*** Exercise data ***

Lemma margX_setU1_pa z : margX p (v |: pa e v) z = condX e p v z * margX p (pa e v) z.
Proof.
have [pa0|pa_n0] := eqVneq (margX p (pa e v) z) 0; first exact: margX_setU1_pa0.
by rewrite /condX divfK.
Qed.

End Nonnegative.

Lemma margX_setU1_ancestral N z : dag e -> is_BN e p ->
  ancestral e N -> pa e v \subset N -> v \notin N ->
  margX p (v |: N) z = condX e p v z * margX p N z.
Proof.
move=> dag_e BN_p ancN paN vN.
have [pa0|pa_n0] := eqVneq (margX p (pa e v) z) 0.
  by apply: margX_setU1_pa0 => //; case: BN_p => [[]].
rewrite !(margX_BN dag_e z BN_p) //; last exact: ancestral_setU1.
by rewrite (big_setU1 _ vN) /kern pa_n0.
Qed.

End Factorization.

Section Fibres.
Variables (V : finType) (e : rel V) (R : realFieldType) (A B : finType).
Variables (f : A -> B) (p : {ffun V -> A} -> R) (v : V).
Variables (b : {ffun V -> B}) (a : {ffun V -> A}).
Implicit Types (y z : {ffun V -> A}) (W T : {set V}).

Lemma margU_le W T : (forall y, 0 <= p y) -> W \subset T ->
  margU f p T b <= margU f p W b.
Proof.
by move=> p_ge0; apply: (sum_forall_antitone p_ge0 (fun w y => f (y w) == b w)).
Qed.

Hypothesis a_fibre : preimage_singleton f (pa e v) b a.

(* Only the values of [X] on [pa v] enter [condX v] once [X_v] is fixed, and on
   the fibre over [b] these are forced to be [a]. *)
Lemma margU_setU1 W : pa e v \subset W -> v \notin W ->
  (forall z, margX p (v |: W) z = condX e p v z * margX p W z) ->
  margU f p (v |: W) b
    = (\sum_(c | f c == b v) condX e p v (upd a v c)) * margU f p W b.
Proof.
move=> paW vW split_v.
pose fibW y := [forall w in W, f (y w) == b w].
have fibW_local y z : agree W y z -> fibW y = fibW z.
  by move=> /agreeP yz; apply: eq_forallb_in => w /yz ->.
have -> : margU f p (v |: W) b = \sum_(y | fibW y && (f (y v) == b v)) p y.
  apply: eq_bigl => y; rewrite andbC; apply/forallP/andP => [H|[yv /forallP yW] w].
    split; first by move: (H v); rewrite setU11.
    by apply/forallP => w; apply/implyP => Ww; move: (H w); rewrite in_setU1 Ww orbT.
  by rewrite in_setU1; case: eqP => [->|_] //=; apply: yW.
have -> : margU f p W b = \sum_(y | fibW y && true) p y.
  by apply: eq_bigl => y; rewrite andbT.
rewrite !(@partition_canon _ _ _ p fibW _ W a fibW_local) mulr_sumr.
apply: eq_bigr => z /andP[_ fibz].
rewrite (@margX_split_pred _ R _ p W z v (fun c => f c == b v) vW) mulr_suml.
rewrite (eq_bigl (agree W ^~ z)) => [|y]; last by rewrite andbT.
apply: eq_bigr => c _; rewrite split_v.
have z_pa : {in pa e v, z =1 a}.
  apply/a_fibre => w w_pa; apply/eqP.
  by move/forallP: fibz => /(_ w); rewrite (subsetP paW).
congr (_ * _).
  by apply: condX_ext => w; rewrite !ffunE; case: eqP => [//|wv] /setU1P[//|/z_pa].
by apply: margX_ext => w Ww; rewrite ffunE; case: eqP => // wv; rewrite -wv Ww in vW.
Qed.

***
*** Exercise data ***

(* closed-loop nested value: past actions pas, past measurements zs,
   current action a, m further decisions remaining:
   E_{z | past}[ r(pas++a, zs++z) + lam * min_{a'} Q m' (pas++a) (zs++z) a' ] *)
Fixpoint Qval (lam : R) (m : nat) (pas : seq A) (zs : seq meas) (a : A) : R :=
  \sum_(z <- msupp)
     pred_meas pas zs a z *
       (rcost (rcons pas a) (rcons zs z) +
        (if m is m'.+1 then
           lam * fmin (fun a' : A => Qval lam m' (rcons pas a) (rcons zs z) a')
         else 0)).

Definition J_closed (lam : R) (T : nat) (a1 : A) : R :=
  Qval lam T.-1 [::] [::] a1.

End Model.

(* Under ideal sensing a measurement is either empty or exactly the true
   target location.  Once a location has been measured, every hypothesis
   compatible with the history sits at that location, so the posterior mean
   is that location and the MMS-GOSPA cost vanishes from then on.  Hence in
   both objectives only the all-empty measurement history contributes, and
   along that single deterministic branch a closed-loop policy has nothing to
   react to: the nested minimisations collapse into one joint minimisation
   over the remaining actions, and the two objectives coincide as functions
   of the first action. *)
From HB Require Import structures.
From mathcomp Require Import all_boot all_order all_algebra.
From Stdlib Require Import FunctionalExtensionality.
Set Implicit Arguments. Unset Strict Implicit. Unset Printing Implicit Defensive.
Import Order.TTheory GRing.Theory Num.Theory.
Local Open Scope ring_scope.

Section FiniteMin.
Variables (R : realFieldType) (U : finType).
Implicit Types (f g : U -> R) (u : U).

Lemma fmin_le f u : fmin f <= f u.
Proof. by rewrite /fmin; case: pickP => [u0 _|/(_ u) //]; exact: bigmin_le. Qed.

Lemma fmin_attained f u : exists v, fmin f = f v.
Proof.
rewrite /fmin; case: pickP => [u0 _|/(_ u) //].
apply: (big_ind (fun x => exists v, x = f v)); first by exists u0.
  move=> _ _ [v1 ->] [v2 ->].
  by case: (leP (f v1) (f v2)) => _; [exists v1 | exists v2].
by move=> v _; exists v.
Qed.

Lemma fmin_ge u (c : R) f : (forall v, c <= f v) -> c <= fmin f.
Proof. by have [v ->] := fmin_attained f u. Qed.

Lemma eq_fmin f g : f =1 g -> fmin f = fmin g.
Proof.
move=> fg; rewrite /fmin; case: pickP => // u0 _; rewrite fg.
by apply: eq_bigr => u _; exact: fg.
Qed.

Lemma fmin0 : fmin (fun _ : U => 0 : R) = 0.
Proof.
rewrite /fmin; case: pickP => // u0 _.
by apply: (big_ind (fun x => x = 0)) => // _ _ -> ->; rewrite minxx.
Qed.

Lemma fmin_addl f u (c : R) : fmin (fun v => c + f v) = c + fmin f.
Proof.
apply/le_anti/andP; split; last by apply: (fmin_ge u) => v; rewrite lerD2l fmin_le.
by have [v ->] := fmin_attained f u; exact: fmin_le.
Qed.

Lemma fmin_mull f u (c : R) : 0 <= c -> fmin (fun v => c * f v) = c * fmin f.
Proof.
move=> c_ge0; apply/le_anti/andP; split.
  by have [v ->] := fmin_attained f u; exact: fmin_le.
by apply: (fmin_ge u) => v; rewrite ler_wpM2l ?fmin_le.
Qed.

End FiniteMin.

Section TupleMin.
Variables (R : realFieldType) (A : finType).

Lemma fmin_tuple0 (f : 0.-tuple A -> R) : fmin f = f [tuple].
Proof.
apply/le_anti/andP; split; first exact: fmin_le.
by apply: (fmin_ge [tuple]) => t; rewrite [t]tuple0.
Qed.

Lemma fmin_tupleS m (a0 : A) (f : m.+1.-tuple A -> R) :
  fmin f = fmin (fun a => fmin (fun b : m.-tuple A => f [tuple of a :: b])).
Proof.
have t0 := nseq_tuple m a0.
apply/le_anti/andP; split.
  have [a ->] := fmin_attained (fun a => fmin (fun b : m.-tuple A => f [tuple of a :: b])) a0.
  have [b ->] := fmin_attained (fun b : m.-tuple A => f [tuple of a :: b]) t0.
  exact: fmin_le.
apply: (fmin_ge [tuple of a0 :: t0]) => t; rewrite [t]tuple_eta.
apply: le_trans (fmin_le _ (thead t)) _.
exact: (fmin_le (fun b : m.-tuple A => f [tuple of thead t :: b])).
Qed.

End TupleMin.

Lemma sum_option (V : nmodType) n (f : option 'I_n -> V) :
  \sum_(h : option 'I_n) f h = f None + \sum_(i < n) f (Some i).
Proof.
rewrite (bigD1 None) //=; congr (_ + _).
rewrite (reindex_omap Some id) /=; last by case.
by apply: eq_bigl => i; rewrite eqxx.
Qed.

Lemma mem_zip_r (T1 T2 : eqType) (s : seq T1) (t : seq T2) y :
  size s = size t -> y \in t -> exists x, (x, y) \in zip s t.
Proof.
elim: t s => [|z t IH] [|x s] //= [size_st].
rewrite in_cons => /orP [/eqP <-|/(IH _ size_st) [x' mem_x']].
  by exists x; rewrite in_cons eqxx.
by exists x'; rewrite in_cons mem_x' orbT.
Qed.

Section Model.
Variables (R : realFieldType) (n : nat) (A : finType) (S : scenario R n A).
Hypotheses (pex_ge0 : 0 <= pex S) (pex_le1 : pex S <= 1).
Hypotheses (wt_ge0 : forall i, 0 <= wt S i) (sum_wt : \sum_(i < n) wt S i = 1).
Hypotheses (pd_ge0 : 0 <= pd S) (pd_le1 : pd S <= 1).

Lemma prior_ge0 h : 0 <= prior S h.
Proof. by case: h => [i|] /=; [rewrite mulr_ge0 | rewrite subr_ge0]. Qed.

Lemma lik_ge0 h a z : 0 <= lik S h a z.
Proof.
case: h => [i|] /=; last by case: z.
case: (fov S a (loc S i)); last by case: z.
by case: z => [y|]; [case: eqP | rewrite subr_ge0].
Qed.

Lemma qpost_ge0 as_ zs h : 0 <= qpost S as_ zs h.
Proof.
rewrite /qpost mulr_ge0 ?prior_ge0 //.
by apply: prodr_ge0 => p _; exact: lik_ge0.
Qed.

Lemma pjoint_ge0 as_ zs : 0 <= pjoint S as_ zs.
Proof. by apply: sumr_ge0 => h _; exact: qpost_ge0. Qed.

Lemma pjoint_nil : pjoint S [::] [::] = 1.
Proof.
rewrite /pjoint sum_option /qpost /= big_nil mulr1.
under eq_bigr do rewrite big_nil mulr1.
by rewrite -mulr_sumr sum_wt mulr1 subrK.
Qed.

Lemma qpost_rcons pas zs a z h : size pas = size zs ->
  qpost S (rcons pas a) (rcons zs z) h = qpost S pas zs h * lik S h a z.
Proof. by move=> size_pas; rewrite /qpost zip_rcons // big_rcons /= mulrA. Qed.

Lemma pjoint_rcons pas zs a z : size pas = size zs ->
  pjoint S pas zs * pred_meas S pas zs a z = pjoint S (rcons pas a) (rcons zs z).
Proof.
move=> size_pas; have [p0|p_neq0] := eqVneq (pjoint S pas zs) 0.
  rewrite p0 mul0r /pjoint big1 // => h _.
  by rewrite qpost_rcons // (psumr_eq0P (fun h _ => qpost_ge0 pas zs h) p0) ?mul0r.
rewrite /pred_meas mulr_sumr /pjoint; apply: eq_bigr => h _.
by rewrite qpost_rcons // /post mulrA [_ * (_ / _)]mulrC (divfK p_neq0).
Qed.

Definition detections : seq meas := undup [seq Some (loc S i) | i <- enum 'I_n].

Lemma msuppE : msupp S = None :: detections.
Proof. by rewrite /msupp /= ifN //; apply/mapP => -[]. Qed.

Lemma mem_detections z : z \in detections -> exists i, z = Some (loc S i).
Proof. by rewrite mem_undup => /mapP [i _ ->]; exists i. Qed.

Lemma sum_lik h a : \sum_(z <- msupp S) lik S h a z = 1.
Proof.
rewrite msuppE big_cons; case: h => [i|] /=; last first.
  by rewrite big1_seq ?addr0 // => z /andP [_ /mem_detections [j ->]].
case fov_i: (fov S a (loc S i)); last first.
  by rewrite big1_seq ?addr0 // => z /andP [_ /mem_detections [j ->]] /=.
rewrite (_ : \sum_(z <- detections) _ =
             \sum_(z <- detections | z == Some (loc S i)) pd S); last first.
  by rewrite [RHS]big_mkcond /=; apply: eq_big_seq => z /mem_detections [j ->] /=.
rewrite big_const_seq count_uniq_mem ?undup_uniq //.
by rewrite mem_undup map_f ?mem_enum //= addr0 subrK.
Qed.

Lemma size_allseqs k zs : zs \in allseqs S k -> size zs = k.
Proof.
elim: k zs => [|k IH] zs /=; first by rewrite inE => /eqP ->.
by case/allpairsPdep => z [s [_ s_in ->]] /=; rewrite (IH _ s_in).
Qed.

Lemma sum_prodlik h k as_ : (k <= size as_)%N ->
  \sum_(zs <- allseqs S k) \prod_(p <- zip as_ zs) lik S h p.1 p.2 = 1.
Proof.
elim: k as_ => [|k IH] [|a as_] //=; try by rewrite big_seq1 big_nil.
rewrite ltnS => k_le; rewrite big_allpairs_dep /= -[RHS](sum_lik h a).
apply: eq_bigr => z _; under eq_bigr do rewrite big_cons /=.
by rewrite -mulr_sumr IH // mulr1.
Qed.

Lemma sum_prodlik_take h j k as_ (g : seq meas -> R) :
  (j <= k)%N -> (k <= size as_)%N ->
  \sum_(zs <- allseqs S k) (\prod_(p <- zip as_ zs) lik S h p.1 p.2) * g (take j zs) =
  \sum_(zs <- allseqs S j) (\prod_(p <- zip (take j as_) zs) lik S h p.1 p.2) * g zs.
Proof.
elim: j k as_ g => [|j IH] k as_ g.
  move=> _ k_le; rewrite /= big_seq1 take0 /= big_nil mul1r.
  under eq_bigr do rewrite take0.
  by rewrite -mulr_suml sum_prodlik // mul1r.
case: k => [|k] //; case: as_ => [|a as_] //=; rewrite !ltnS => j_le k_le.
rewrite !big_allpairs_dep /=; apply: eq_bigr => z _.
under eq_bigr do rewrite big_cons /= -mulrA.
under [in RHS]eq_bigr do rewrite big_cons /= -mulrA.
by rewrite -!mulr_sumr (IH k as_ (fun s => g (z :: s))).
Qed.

***

* [Requirement]:
Retype the entries above exactly, but only from the line containing "by apply: (big_ind" through the line containing "apply: le_trans (fmin_le _ (thead t)) _.", both included.

* [Answer section]:
by apply: (big_ind (fun x => x = 0)) => // _ _ -> ->; rewrite minxx.
Qed.

Lemma fmin_addl f u (c : R) : fmin (fun v => c + f v) = c + fmin f.
Proof.
apply/le_anti/andP; split; last by apply: (fmin_ge u) => v; rewrite lerD2l fmin_le.
by have [v ->] := fmin_attained f u; exact: fmin_le.
Qed.

Lemma fmin_mull f u (c : R) : 0 <= c -> fmin (fun v => c * f v) = c * fmin f.
Proof.
move=> c_ge0; apply/le_anti/andP; split.
  by have [v ->] := fmin_attained f u; exact: fmin_le.
by apply: (fmin_ge u) => v; rewrite ler_wpM2l ?fmin_le.
Qed.

End FiniteMin.

Section TupleMin.
Variables (R : realFieldType) (A : finType).

Lemma fmin_tuple0 (f : 0.-tuple A -> R) : fmin f = f [tuple].
Proof.
apply/le_anti/andP; split; first exact: fmin_le.
by apply: (fmin_ge [tuple]) => t; rewrite [t]tuple0.
Qed.

Lemma fmin_tupleS m (a0 : A) (f : m.+1.-tuple A -> R) :
  fmin f = fmin (fun a => fmin (fun b : m.-tuple A => f [tuple of a :: b])).
Proof.
have t0 := nseq_tuple m a0.
apply/le_anti/andP; split.
  have [a ->] := fmin_attained (fun a => fmin (fun b : m.-tuple A => f [tuple of a :: b])) a0.
  have [b ->] := fmin_attained (fun b : m.-tuple A => f [tuple of a :: b]) t0.
  exact: fmin_le.
apply: (fmin_ge [tuple of a0 :: t0]) => t; rewrite [t]tuple_eta.
apply: le_trans (fmin_le _ (thead t)) _.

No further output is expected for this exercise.